(* Let $(\lambda_0,\dots,\lambda_n)\in\mathbb{C}^{n+1}$ and assume $E_{(\lambda_0,\dots,\lambda_n)}$ is closed under complex conjugation. Let $M_n:=\max\{|\mathrm{Im}\,\lambda_j|: j=0,\dots,n\}$. Then for all real $a<b$ with $b-a<\pi/M_n$ (interpreted as no restriction when $M_n=0$), $E_{(\lambda_0,\dots,\lambda_n)}$ is an extended Chebyshev system over the interval $[a,b]$.
   Context: $E_{(\lambda_0,\dots,\lambda_n)}$ denotes the space of all $f\in C^\infty(\mathbb{R},\mathbb{C})$ with $(\frac{d}{dx}-\lambda_0)\cdots(\frac{d}{dx}-\lambda_n)f=0$ (dimension $n+1$). A zero of order $k$ at $a$ means $f(a)=\dots=f^{(k-1)}(a)=0$, $f^{(k)}(a)\ne0$. $E_{(\lambda_0,\dots,\lambda_n)}$ is an extended Chebyshev system over a set $A\subset\mathbb{R}$ if every nonzero element has at most $n$ zeros in $A$ counted with multiplicity. Closed under complex conjugation means $\overline f\in E_{(\lambda_0,\dots,\lambda_n)}$ whenever $f\in E_{(\lambda_0,\dots,\lambda_n)}$. *)

From Stdlib Require Import Reals Lra List.
Open Scope R_scope.

Definition Cpx : Type := (R * R)%type.
Definition Re (z : Cpx) : R := fst z.
Definition Im (z : Cpx) : R := snd z.
Definition C0 : Cpx := (0, 0).
Definition Cadd (z w : Cpx) : Cpx := (fst z + fst w, snd z + snd w).
Definition Csub (z w : Cpx) : Cpx := (fst z - fst w, snd z - snd w).
Definition Cmul (z w : Cpx) : Cpx :=
  (fst z * fst w - snd z * snd w, fst z * snd w + snd z * fst w).
Definition Cconj (z : Cpx) : Cpx := (fst z, - snd z).

Definition IsDeriv (f g : R -> Cpx) : Prop :=
  forall x, derivable_pt_lim (fun t => fst (f t)) x (fst (g x)) /\
            derivable_pt_lim (fun t => snd (f t)) x (snd (g x)).

Definition IsDerivSeq (f : R -> Cpx) (D : nat -> R -> Cpx) : Prop :=
  (forall x, D 0%nat x = f x) /\ (forall k, IsDeriv (D k) (D (S k))).

Definition Smooth (f : R -> Cpx) : Prop := exists D, IsDerivSeq f D.

(* OpKer lam k f : (d/dx - lam 0) ... (d/dx - lam (k-1)) f = 0,
   the innermost factor (d/dx - lam (k-1)) being applied first *)
Fixpoint OpKer (lam : nat -> Cpx) (k : nat) (f : R -> Cpx) : Prop :=
  match k with
  | O => forall x, f x = C0
  | S k' => exists g, IsDeriv f g /\
             OpKer lam k' (fun x => Csub (g x) (Cmul (lam k') (f x)))
  end.

Definition InE (lam : nat -> Cpx) (n : nat) (f : R -> Cpx) : Prop :=
  Smooth f /\ OpKer lam (S n) f.

Definition ConjClosed (lam : nat -> Cpx) (n : nat) : Prop :=
  forall f, InE lam n f -> InE lam n (fun x => Cconj (f x)).

Definition ZeroOfOrder (f : R -> Cpx) (a : R) (k : nat) : Prop :=
  exists D, IsDerivSeq f D /\
    (forall j, (j < k)%nat -> D j a = C0) /\ D k a <> C0.

Definition ExtChebyshevOn (lam : nat -> Cpx) (n : nat) (a b : R) : Prop :=
  forall f, InE lam n f -> (exists x, f x <> C0) ->
  forall zs : list (R * nat),
    NoDup (map fst zs) ->
    (forall z, In z zs -> a <= fst z <= b /\ (1 <= snd z)%nat /\
                          ZeroOfOrder f (fst z) (snd z)) ->
    (fold_right (fun z acc => snd z + acc) 0 zs <= n)%nat.
Lemma Ycell_star a : ((sval d).1 a == None) = (a \in codom (sval d).2).
Proof. by case: d => -[f s] /= /andP [_ /forallP /(_ a) /eqP]. Qed.

Lemma Ycoord_order (x : 'I_k -> R) j : Ycoord (mkpt d x) ((sval d).2 j) = x j.
Proof.
rewrite /= (_ : (sval d).1 _ = None); last by apply/eqP; rewrite Ycell_star codom_f.
rewrite (bigD1 j) //= big1 ?addr0 // => i /andP [/eqP /Ycell_inj -> ].
by rewrite eqxx.
Qed.

Lemma Ycoord_notin_order a : a \notin codom (sval d).2 ->
  exists b : bool, forall x : 'I_k -> R, Ycoord (mkpt d x) a = b%:R.
Proof. by rewrite -Ycell_star /=; case: ((sval d).1 a) => // b _; exists b. Qed.

Lemma Ycoord_in01 (x : 'I_k -> R) a : in_cube x -> 0 <= Ycoord (mkpt d x) a <= 1.
Proof.
move=> x01; have [/codomP [j ->]|a_out] := boolP (a \in codom (sval d).2).
  by rewrite Ycoord_order.
by have [b ->] := Ycoord_notin_order a_out; case: b; rewrite ?lexx ?ler01.
Qed.

Lemma inner_Yorder (x : 'I_k -> R) a :
  inner (Ycoord (mkpt d x)) a -> a \in codom (sval d).2.
Proof.
rewrite /inner; apply: contraTT => /Ycoord_notin_order [b ->].
by case: b; rewrite ltxx ?andbF.
Qed.

End Cell.

Lemma Ycoord_vertex b (x : 'I_0 -> R) : Ycoord (mkpt (Yvertex A b) x) = fun=> b%:R.
Proof. by apply: funext => a; rewrite /= ffunE. Qed.

Lemma Yinterior_vertex b (x : 'I_0 -> R) : Yinterior (mkpt (Yvertex A b) x) = [::].
Proof.
apply/eqP; rewrite -size_eq0 size_filter -leqn0.
by rewrite (leq_trans (count_size _ _)) // size_codom card_ord.
Qed.

Section Faces.
Variables (k : nat) (i : 'I_k.+1) (e : bool) (c : cell (Y A) k.+1) (x : 'I_k -> R).
Let s := (sval c).2.

Lemma Ycoord_face : Ycoord (mkpt (face i e c) x) = Ycoord (mkpt c (delta i e x)).
Proof.
apply: funext => a; rewrite /= !ffunE -/s.
have [->|a_ne] := eqVneq a (s i).
  have /= -> := Ycoord_order c (delta i e x) i.
  by rewrite /delta unlift_none; case: e.
case: ((sval c).1 a) => [b //|].
rewrite [RHS]big_mkcond (bigD1_ord i) //= eq_sym (negbTE a_ne) add0r big_mkcond.
by apply: eq_bigr => j _; rewrite ffunE /delta liftK.
Qed.

Lemma Yinterior_face : Yinterior (mkpt (face i e c) x) = Yinterior (mkpt c (delta i e x)).
Proof.
rewrite /Yinterior Ycoord_face.
have -> : Yorder (mkpt (face i e c) x) = [seq a <- codom s | a != s i].
  rewrite /= codomE (eq_map (ffunE _)) (map_comp s (lift i)) map_lift_enum.
  rewrite [in RHS]codomE filter_map; congr map.
  by apply: eq_filter => j /=; rewrite (inj_eq (@Ycell_inj _ c)).
set g := Ycoord _; rewrite -filter_predI; apply: eq_filter => a /=.
have [->|_] := eqVneq a (s i); last by rewrite andbT.
rewrite andbF /g /inner Ycoord_order /delta unlift_none.
by case: e; rewrite ltxx ?andbF.
Qed.

End Faces.

Lemma Ycoord_real_eq p q : real_eq p q -> Ycoord p = Ycoord q.
Proof.
apply: real_eq_invariant => _ _ [k [i [e [c [x [_ [-> ->]]]]]]].
exact: Ycoord_face.
Qed.

Lemma Yinterior_real_eq p q : real_eq p q -> Yinterior p = Yinterior q.
Proof.
apply: real_eq_invariant => _ _ [k [i [e [c [x [_ [-> ->]]]]]]].
exact: Yinterior_face.
Qed.

Definition Yreduced p : Prop := let: existT _ (_, x) := p in forall j, 0 < x j < 1.

Lemma real_eq_reduced k (d : cell (Y A) k) (x : 'I_k -> R) :
  in_cube x -> exists2 r, real_eq (mkpt d x) r & Yreduced r.
Proof.
elim: k d x => [|k IH] d x x01; first by exists (mkpt d x) => //; [exact: rst_refl | case].
have [j x_end|x_inner] := pickP (fun j => ~~ (0 < x j < 1)); last first.
  by exists (mkpt d x) => [|j]; [exact: rst_refl | apply/negbFE/x_inner].
pose x' i := x (lift j i).
have x'01 : in_cube x' by move=> i; exact: x01.
have x_delta : delta j (x j == 1) x' = x.
  apply: funext => i; rewrite /delta; case: (unliftP j i) => [i' ->|->] //.
  case/andP: (x01 j) x_end => x0 x1; rewrite negb_and -!leNgt => /orP x_end.
  case: eqP => [-> //|x_ne1]; apply/eqP; rewrite eq_le x0.
  by case: x_end => // x_ge1; case: x_ne1; apply/eqP; rewrite eq_le x1 x_ge1.
have [r face_r r_red] := IH (face j (x j == 1) d) x' x'01.
exists r => //; apply: rst_trans face_r; apply/rst_sym/rst_step.
by exists k, j, (x j == 1), d, x'; rewrite x_delta.
Qed.

Lemma Yinterior_reduced k (d : cell (Y A) k) (x : 'I_k -> R) :
  Yreduced (mkpt d x) -> Yinterior (mkpt d x) = codom (sval d).2.
Proof.
move=> x_red; apply/all_filterP/allP => _ /codomP [j ->].
by rewrite /inner Ycoord_order.
Qed.
(* Let $G=(S,T,\pi)$ be a two-person win-lose game, with representing matrix $M_G=(\pi(s,t))_{s\in S,t\in T}$. Assume $M_G$ satisfies at least one of: (1) all but finitely many rows contain finitely many $0$ entries; (2) there is a finite $N$ such that all but finitely many rows contain at most $N$ entries equal to $1$; (3) there is a finite $N$ such that all but finitely many columns contain at most $N$ entries equal to $0$; (4) all but finitely many columns contain finitely many $1$ entries. Then $G$ is totally minimax.
   Context: A two-person win-lose game is $G=(S,T,\pi)$ with non-empty sets $S,T$ (arbitrary cardinality) and $\pi:S\times T\to\{0,1\}$; rows of $M_G$ are indexed by $S$ and columns by $T$. $\Delta(X)$ is the set of probability distributions on $X$ with at most countable support; $\pi^{\mathrm{mix}}(\mathbf{p},\mathbf{q})=\sum p_sq_t\pi(s,t)$. A game has the minimax property if $\sup_{\mathbf{p}\in\Delta(S)}\inf_{\mathbf{q}\in\Delta(T)}\pi^{\mathrm{mix}}(\mathbf{p},\mathbf{q})=\inf_{\mathbf{q}\in\Delta(T)}\sup_{\mathbf{p}\in\Delta(S)}\pi^{\mathrm{mix}}(\mathbf{p},\mathbf{q})$. $G$ is totally minimax if every subgame $(S',T',\pi|_{S'\times T'})$ with non-empty $S'\subseteq S$, $T'\subseteq T$ has the minimax property. *)

From HB Require Import structures.
From mathcomp Require Import all_boot all_order all_algebra.
From mathcomp Require Import all_classical all_reals all_analysis.
Set Implicit Arguments. Unset Strict Implicit. Unset Printing Implicit Defensive.
Import Order.TTheory GRing.Theory Num.Theory.
Local Open Scope classical_set_scope.
Local Open Scope ring_scope.

(* A win-lose game (S,T,pi) is given by pi : S -> T -> bool. *)
Definition is_mixed (R : realType) (X : choiceType) (A : set X) (p : X -> R) : Prop :=
  [/\ (forall x, 0 <= p x),
      (forall x, p x != 0 -> A x),
      countable [set x | p x != 0] &
      (\esum_(x in [set: X]) (p x)%:E = 1)%E].

Definition mixpay (R : realType) (S T : choiceType) (pi : S -> T -> bool)
  (p : S -> R) (q : T -> R) : \bar R :=
  \esum_(st in [set: S * T]) (p st.1 * q st.2 * (pi st.1 st.2)%:R)%:E.

Definition minimax_on (R : realType) (S T : choiceType) (pi : S -> T -> bool)
  (A : set S) (B : set T) : Prop :=
  ereal_sup [set ereal_inf [set mixpay pi p q | q in [set q : T -> R | is_mixed B q]]
            | p in [set p : S -> R | is_mixed A p]]
  = ereal_inf [set ereal_sup [set mixpay pi p q | p in [set p : S -> R | is_mixed A p]]
            | q in [set q : T -> R | is_mixed B q]].

Definition totally_minimax (R : realType) (S T : choiceType) (pi : S -> T -> bool) : Prop :=
  forall (A : set S) (B : set T), A !=set0 -> B !=set0 -> minimax_on R pi A B.

(* Games whose rows fall into finitely many types (rows agreeing on every column)
   are minimax: let the row player run regret matching over the types against
   approximate best replies of the column player.  Blackwell's condition makes the
   squared positive regrets grow at most linearly, so the average regret vanishes
   and the averaged strategies of both players are near-optimal.
   Under (4), keep only the 1s of the game lying in a finite set of rows or in the
   finitely many exceptional columns: the truncated game has finitely many row
   types and a smaller lower value.  Iterate, adding to the finite set the finitely
   many rows with a 1 in the support of the last column strategy: every row is
   wronged in at most one round, so the average of K rounds is within 1/K of the
   lower value.  Under (3), fill in 1s instead and add the support of the last row
   strategy: a column loses in a round only through a new row with a 0 in it,
   which happens at most N times.  Cases (1) and (2) are (4) and (3) for the
   transposed game with 0s and 1s exchanged.  Finally, finitely supported mixed
   strategies already determine both values of the game. *)

From HB Require Import structures.
From mathcomp Require Import all_boot all_order all_algebra.
From mathcomp Require Import all_classical all_reals all_analysis.
From mathcomp Require Import ring lra.
Set Implicit Arguments. Unset Strict Implicit. Unset Printing Implicit Defensive.
Import Order.TTheory GRing.Theory Num.Theory.
Local Open Scope classical_set_scope.
Local Open Scope ring_scope.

*-*-*

_Problem:_ Return a word-for-word copy of the lines from the beginning of the listing to the line holding "IsDeriv f g /\", both kept.

_Written response:_
(* Let $(\lambda_0,\dots,\lambda_n)\in\mathbb{C}^{n+1}$ and assume $E_{(\lambda_0,\dots,\lambda_n)}$ is closed under complex conjugation. Let $M_n:=\max\{|\mathrm{Im}\,\lambda_j|: j=0,\dots,n\}$. Then for all real $a<b$ with $b-a<\pi/M_n$ (interpreted as no restriction when $M_n=0$), $E_{(\lambda_0,\dots,\lambda_n)}$ is an extended Chebyshev system over the interval $[a,b]$.
   Context: $E_{(\lambda_0,\dots,\lambda_n)}$ denotes the space of all $f\in C^\infty(\mathbb{R},\mathbb{C})$ with $(\frac{d}{dx}-\lambda_0)\cdots(\frac{d}{dx}-\lambda_n)f=0$ (dimension $n+1$). A zero of order $k$ at $a$ means $f(a)=\dots=f^{(k-1)}(a)=0$, $f^{(k)}(a)\ne0$. $E_{(\lambda_0,\dots,\lambda_n)}$ is an extended Chebyshev system over a set $A\subset\mathbb{R}$ if every nonzero element has at most $n$ zeros in $A$ counted with multiplicity. Closed under complex conjugation means $\overline f\in E_{(\lambda_0,\dots,\lambda_n)}$ whenever $f\in E_{(\lambda_0,\dots,\lambda_n)}$. *)

From Stdlib Require Import Reals Lra List.
Open Scope R_scope.

Definition Cpx : Type := (R * R)%type.
Definition Re (z : Cpx) : R := fst z.
Definition Im (z : Cpx) : R := snd z.
Definition C0 : Cpx := (0, 0).
Definition Cadd (z w : Cpx) : Cpx := (fst z + fst w, snd z + snd w).
Definition Csub (z w : Cpx) : Cpx := (fst z - fst w, snd z - snd w).
Definition Cmul (z w : Cpx) : Cpx :=
  (fst z * fst w - snd z * snd w, fst z * snd w + snd z * fst w).
Definition Cconj (z : Cpx) : Cpx := (fst z, - snd z).

Definition IsDeriv (f g : R -> Cpx) : Prop :=
  forall x, derivable_pt_lim (fun t => fst (f t)) x (fst (g x)) /\
            derivable_pt_lim (fun t => snd (f t)) x (snd (g x)).

Definition IsDerivSeq (f : R -> Cpx) (D : nat -> R -> Cpx) : Prop :=
  (forall x, D 0%nat x = f x) /\ (forall k, IsDeriv (D k) (D (S k))).

Definition Smooth (f : R -> Cpx) : Prop := exists D, IsDerivSeq f D.

(* OpKer lam k f : (d/dx - lam 0) ... (d/dx - lam (k-1)) f = 0,
   the innermost factor (d/dx - lam (k-1)) being applied first *)
Fixpoint OpKer (lam : nat -> Cpx) (k : nat) (f : R -> Cpx) : Prop :=
  match k with
  | O => forall x, f x = C0
  | S k' => exists g, IsDeriv f g /\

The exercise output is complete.